"If every earthly gift had been offered to me," Doris thought, "I should have chosen beauty. Rank and wealth are desirable; but without a face to charm they would be worth little, and beauty can win them even if one be born without them. I shall win them yet, because men cannot look at me without caring for me."
And as she stood by the little rose-framed window there came to her a passionate longing that her beauty should be seen and known, that it should receive the homage and praise due to it. She, who was fair enough to win the admiration of a queen—she, on whose face royal eyes would dwell so often, and with such great delight!
"I wonder," she thought to herself, "if any of the royal princes will be likely to see that picture. One of them might admire it, and then, if he saw me, admire me."

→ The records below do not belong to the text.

(* In the E-phase model, for every formula $A$: (1) for every formula $D$ and every $n\ge 0$ and $T_1,\dots,T_n$ each a closed term or an atom, if $c^D T_1\cdots T_n\in[\![A]\!]$ then $c^D T_1\cdots T_n\in A^*$; and (2) $A^*\subseteq[\![A]\!]$.
   Context: System $\mathbf{IL}_{\mathbf{at}}$: formulas $A ::= X\mid A\to B\mid\forall X.A$ ($X$ atoms); terms $t ::= x\mid c^A\mid\lambda x.t\mid ts\mid\Lambda X.t\mid tX$ (a term-constant $c^A$ for each formula $A$; $tX$ only with $X$ an atom). $\Gamma\vdash t:A$ derivable by: $\Gamma,x:A\vdash x:A$; $\Gamma\vdash c^A:A$; $\to$-introduction and elimination (abstraction, application); $\forall$-introduction $\Gamma\vdash\Lambda X.t:\forall X.A$ from $\Gamma\vdash t:A$ if $X$ is not free in the formulas of $\Gamma$; $\forall$-elimination $\Gamma\vdash tY:A[X:=Y]$ from $\Gamma\vdash t:\forall X.A$ for atoms $Y$. $\beta$-reduction $(\lambda x.t)s\to_\beta t[x:=s]$, $(\Lambda X.t)Y\to_\beta t[X:=Y]$ in any subterm position; normal = no redex; $\twoheadrightarrow$ reflexive-transitive closure. Closed term = no free term-variables. $[\![A]\!]$ = set of closed terms $t$ with $t\twoheadrightarrow s$ for some normal $s$ such that $\vdash s:A$ is derivable. E-phase model: interpretation of formulas as sets of closed terms: $X^*=[\![X]\!]$; $(A\to B)^*=\{t\text{ closed}\mid ts\in B^*\text{ for every }s\in A^*\}$; $(\forall X.A)^*=\{t\text{ closed}\mid tY\in(A[X:=Y])^*\text{ for every atom }Y\}$. *)

(* System IL_at with de Bruijn indices for both atom binders
   (forall X.A, Lambda X.t) and term-variable binders (lambda x.t).
   Free atoms are the de Bruijn indices that are not bound; at top level
   every natural number n denotes an atom. *)
From Stdlib Require Import Arith List.
Import ListNotations.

There was no limit to her ambition, as there was none to her vanity. Had she been asked to share a throne, she would have consented as to a right. Vision after vision of dazzling delight came to her as she stood in the humble sitting-room that was the great delight of Mrs. Brace's heart; life flushed and thrilled in every vein. Doris held out her hands with a yearning cry for that which seemed so near, yet so far from her; the thousand vague possibilities of life rose before her. What could she not win with her beauty—what could not her beauty do for her.

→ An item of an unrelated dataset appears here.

(* Let $0<b\le c$ and let $\mu$ be a real number in $[\lambda_-(b),\lambda_+(b)]$. Then $\zeta_{(\mu,c)}$ is defined, $\int_0^c\zeta_{(\mu,c)}-\int_0^b\zeta_{(\mu,b)}=\mu(c-b)$, and $\zeta_{(\mu,c)}^{-1}(\{\mu\})$ is a closed interval of length at least $c-b$.
   Context: Fix $\kappa_0\in(0,1)$ and $r_0,r_b\in\mathbb{R}$ (the same $r_b$ is used for every value of the right endpoint). Let $F(u)=u/\sqrt{1-u^2}$ for $|u|<1$, $F(u)=+\infty$ for $u\ge1$, $F(u)=-\infty$ for $u\le-1$; $s_0=r_0/\sqrt{1+r_0^2}$, $s_b=r_b/\sqrt{1+r_b^2}$. Define $g_\pm(x)=F(\pm\kappa_0x+s_0)$ and, for each $c>0$, $h^c_\pm(x)=F(\mp\kappa_0(x-c)+s_b)$. $\lambda_+(c)$ is the common real value of $g_+$ and $h^c_+$ at the point where their graphs meet, or $+\infty$ if they do not meet; $\lambda_-(c)$ likewise for $g_-,h^c_-$, or $-\infty$. Assume there exists an absolutely continuous $f:[0,b]\to\mathbb{R}$ with $f'\in L^2$, $|f'|\le\kappa_0(1+f^2)^{3/2}$ a.e., $f(0)=r_0$, $f(b)=r_b$. For $c>0$ and real $\mu\in[\lambda_-(c),\lambda_+(c)]$, $\zeta_{(\mu,c)}:[0,c]\to\mathbb{R}$ is $\zeta_{(\mu,c)}(x)=\operatorname{mid}\big(h^c_-(x),g_-(x),\mu,g_+(x),h^c_+(x)\big)$, the median of five extended reals. *)

From Stdlib Require Import Reals Lra List ClassicalEpsilon.
Import ListNotations.
Open Scope R_scope.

Then Mrs. Brace came in again on business cares intent, holding several pieces of calico in her hands.
"Doris," she said, "I have been thinking that as you will perhaps soon be married to Earle, I may as well order a piece of gray calico for you when I order one for ourselves."
Down went the brilliant vision! The queen who admired her face, the palace where her picture would hang, the glorious prospect, the dream that had no name, the sweet, wild fancies that had filled every nerve—they faded before those prosaic words like snow in the sun!
"Marriage and gray calico! gray calico and Earle!" She turned with a quick, impatient gesture, almost fierce in its anger.
"Oh, mother! you do say such absurd things," she said; "you annoy me."
"Why, my dear? What have I said? You will want gray calico. You cannot be married from a respectable home like this, and not take a store of house linen with you."